I'm very interested in this board but I'd like some clear notice about Xeon, ECC memory, VT-x, VT-d support (or lack of) instead of having to hunt the answers all over the forums.

"I've just got a USD 300+ motherboard, a guy on a forum told me it works with ECC memory. I hope he was right". :) Notice how on the official site ECC support is not mentioned. They should at least say it's supported depending on the CPU. For P8C77 on the other hand, ECC memory is cleary mentioned on the specification page.
 
Last edited:
Good afternoon Kyle. I am wondering if you have plans to review the Z77 Asrock Extreme9 motherboard? I would love to see how these two motherboards compare.
 
So, this board can do

x16/x16/0/0 or
x16/x8/x8/0 or
x8/x8/x8/x8

But i'm wondering if it can do x16/0/x16/0.
I'd like to use the first PCI-E 3.0 and the third PCI-E 3.0 slot for my SLI set up, so the first GPU get more space and air.
 
So, this board can do

x16/x16/0/0 or
x16/x8/x8/0 or
x8/x8/x8/x8

But i'm wondering if it can do x16/0/x16/0.
I'd like to use the first PCI-E 3.0 and the third PCI-E 3.0 slot for my SLI set up, so the first GPU get more space and air.

Yes. You can do x16x0x16x0 using the blue slots.
 
So I just RMA'd a G1.Sniper 3 board because it could not handle Tri-SLI with nV surround. Can anyone verify that this board can do it? I'm really close to pulling the trigger on buying this. I really don't want to go X79 cause all I need now is a motherboard.
 
So I just RMA'd a G1.Sniper 3 board because it could not handle Tri-SLI with nV surround. Can anyone verify that this board can do it? I'm really close to pulling the trigger on buying this. I really don't want to go X79 cause all I need now is a motherboard.
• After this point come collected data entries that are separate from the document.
Lemma wolfe_exists_on_sphere (c1 c2 : R) x p :
  0 < c1 -> c1 < c2 -> c2 < 1 -> dot x x = 1 ->
  0 <= dot x p -> 0 < dot (gradf r pp E s x) p ->
  exists a, 0 < a /\ wolfe r pp E s c1 c2 x p a.
Proof.
move=> c1_gt0 c12 c2_lt1 x1 xp_ge0 gp_gt0; have pp_gt0 := ltnW pp_gt1.
have y_neq0 a : xnext x p a <> (fun _ => 0) by apply/dot_unit_neq0/dot_xnext_self.
pose phi a := fobj r pp E s (xnext x p a).
pose dphi a := dot (gradf r pp E s (xnext x p a)) (xnext_vel x p a).
have dphi_phi a : is_derive a 1 phi (dphi a).
  exact: is_derive_fobj (fun i => is_derive_xnext p a i x1) r_gt0 pp_gt1 (y_neq0 a).
have phi_le a : phi a <= fobj_ub r E s by apply: fobj_le_ub.
have dphi0 : dphi 0 = dot (gradf r pp E s x) p.
  rewrite /dphi xnext0 xnext_vel0 dot_lincombr mul1r.
  by rewrite (dot_gradf_self E s r_gt0 pp_gt0 (dot_unit_neq0 x1)) mulr0 add0r.
have dphi0_gt0 : 0 < dphi 0 by rewrite dphi0.
have [m m_gt0 [increase stationary]] :=
  wolfe_stationary_point dphi_phi phi_le c1_gt0 (lt_trans c12 c2_lt1) dphi0_gt0.
exists m; split => //; split; first by move: increase; rewrite /phi xnext0 dphi0.
have := dot_xnext_orth x1 (dot_gradf_self E s r_gt0 pp_gt0 (y_neq0 m)).
rewrite -/(dphi m) stationary dphi0 => curv.
have := xnext_num_le4 x1 (ltW m_gt0) xp_ge0.
have : c1 * dot (gradf r pp E s x) p < c2 * dot (gradf r pp E s x) p by rewrite ltr_pM2r.
have : 0 < c1 * dot (gradf r pp E s x) p by rewrite mulr_gt0.
nra.
Qed.

End CurveLineSearch.

Section CSRHRun.
Variables (R : realType) (n r pp : nat) (E : {set {set 'I_n}}) (s : {set 'I_n} -> R).
Variables (c1 c2 tau eps : R) (xs ps : nat -> vec R n) (als : nat -> R) (k : nat).
Hypothesis run : csrh_run r pp E s c1 c2 tau eps xs ps als k.

Lemma csrh_run_unit j : (j <= k)%N -> dot (xs j) (xs j) = 1.
Proof.
case: run => x0_1 [_ step]; elim: j => [|j IH] j_le //.
by have [_ _ -> _] := step j j_le; apply/dot_xnext_self/IH/ltnW.
Qed.

Lemma csrh_run_ascent : (0 < r)%N -> (0 < pp)%N -> 4^-1 < tau ->
  gradf r pp E s (xs k) <> (fun _ => 0) ->
  0 <= dot (xs k) (ps k) /\ 0 < dot (gradf r pp E s (xs k)) (ps k).
Proof.
move=> r_gt0 pp_gt0 tau_gt g0; have := csrh_run_unit (leqnn k).
case: run => _ [p0 step] xk1; have [k0|k_gt0] := posnP k.
  rewrite k0 in g0 xk1 *; rewrite p0 dotC.
  by rewrite (dot_gradf_self E s r_gt0 pp_gt0 (dot_unit_neq0 xk1)) lexx dot_self_gt0.
have k_pred_lt : (k.-1 < k)%N by rewrite ltn_predL.
have [_ _ _] := step k.-1 k_pred_lt; rewrite prednK // => ->.
exact (csrh_direction_ascent r_gt0 pp_gt0 eps tau_gt xk1 (csrh_run_unit (leq_pred k)) g0).
Qed.

End CSRHRun.

Theorem theorem3p5 (R : realType) (n r pp : nat)
  (E : {set {set 'I_n}}) (s : {set 'I_n} -> R)
  (hr : (2 <= r)%N) (hp : (2 <= pp)%N)
  (hE : forall e, e \in E -> #|e| = r)
  (hs : forall e, e \in E -> 0 < s e)
  (c1 c2 tau eps : R)
  (hc1 : 0 < c1) (hc12 : c1 < c2) (hc2 : c2 < 1)
  (htau1 : 4^-1 < tau) (htau2 : tau < 1) (heps : 0 < eps)
  (xs ps : nat -> 'I_n -> R) (als : nat -> R) (k : nat)
  (hrun : csrh_run r pp E s c1 c2 tau eps xs ps als k)
  (hg : gradf r pp E s (xs k) <> (fun _ => 0)) :
  exists a : R, 0 < a /\ wolfe r pp E s c1 c2 (xs k) (ps k) a.
Proof.
have r_gt0 : (0 < r)%N by apply: leq_trans hr.
have [xp_ge0 gp_gt0] := csrh_run_ascent hrun r_gt0 (ltnW hp) htau1 hg.
have xk1 := csrh_run_unit hrun (leqnn k).
exact (wolfe_exists_on_sphere r_gt0 hp hc1 hc12 hc2 xk1 xp_ge0 gp_gt0).
Qed.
I wish I could verify that first hand. All I can say is the specifications for the board, and the included 3-Way SLI bridge tell me you should be fine.
 
My WS board just crapped out on me. Will not allow for multi beyond 35x. Only 8 of the 16GB Dimms are detected. Will not run my ram (1866mhz kit) beyond 1600mhz. And in the BIOS, anything related to the iGPU has completely disappeared altogether. After a month of promising benchmarking and some light use, I can't believe this thing is dying. Going to RMA after my vacation.
 
My WS board just crapped out on me. Will not allow for multi beyond 35x. Only 8 of the 16GB Dimms are detected. Will not run my ram (1866mhz kit) beyond 1600mhz. And in the BIOS, anything related to the iGPU has completely disappeared altogether. After a month of promising benchmarking and some light use, I can't believe this thing is dying. Going to RMA after my vacation.

all products break
 
all products break

Yep. In fact I had a minor issue with one of the test P8Z77 WS boards. My issue was with one of the USB 3.0 ports. ASUS sent us another and the second sample was perfect.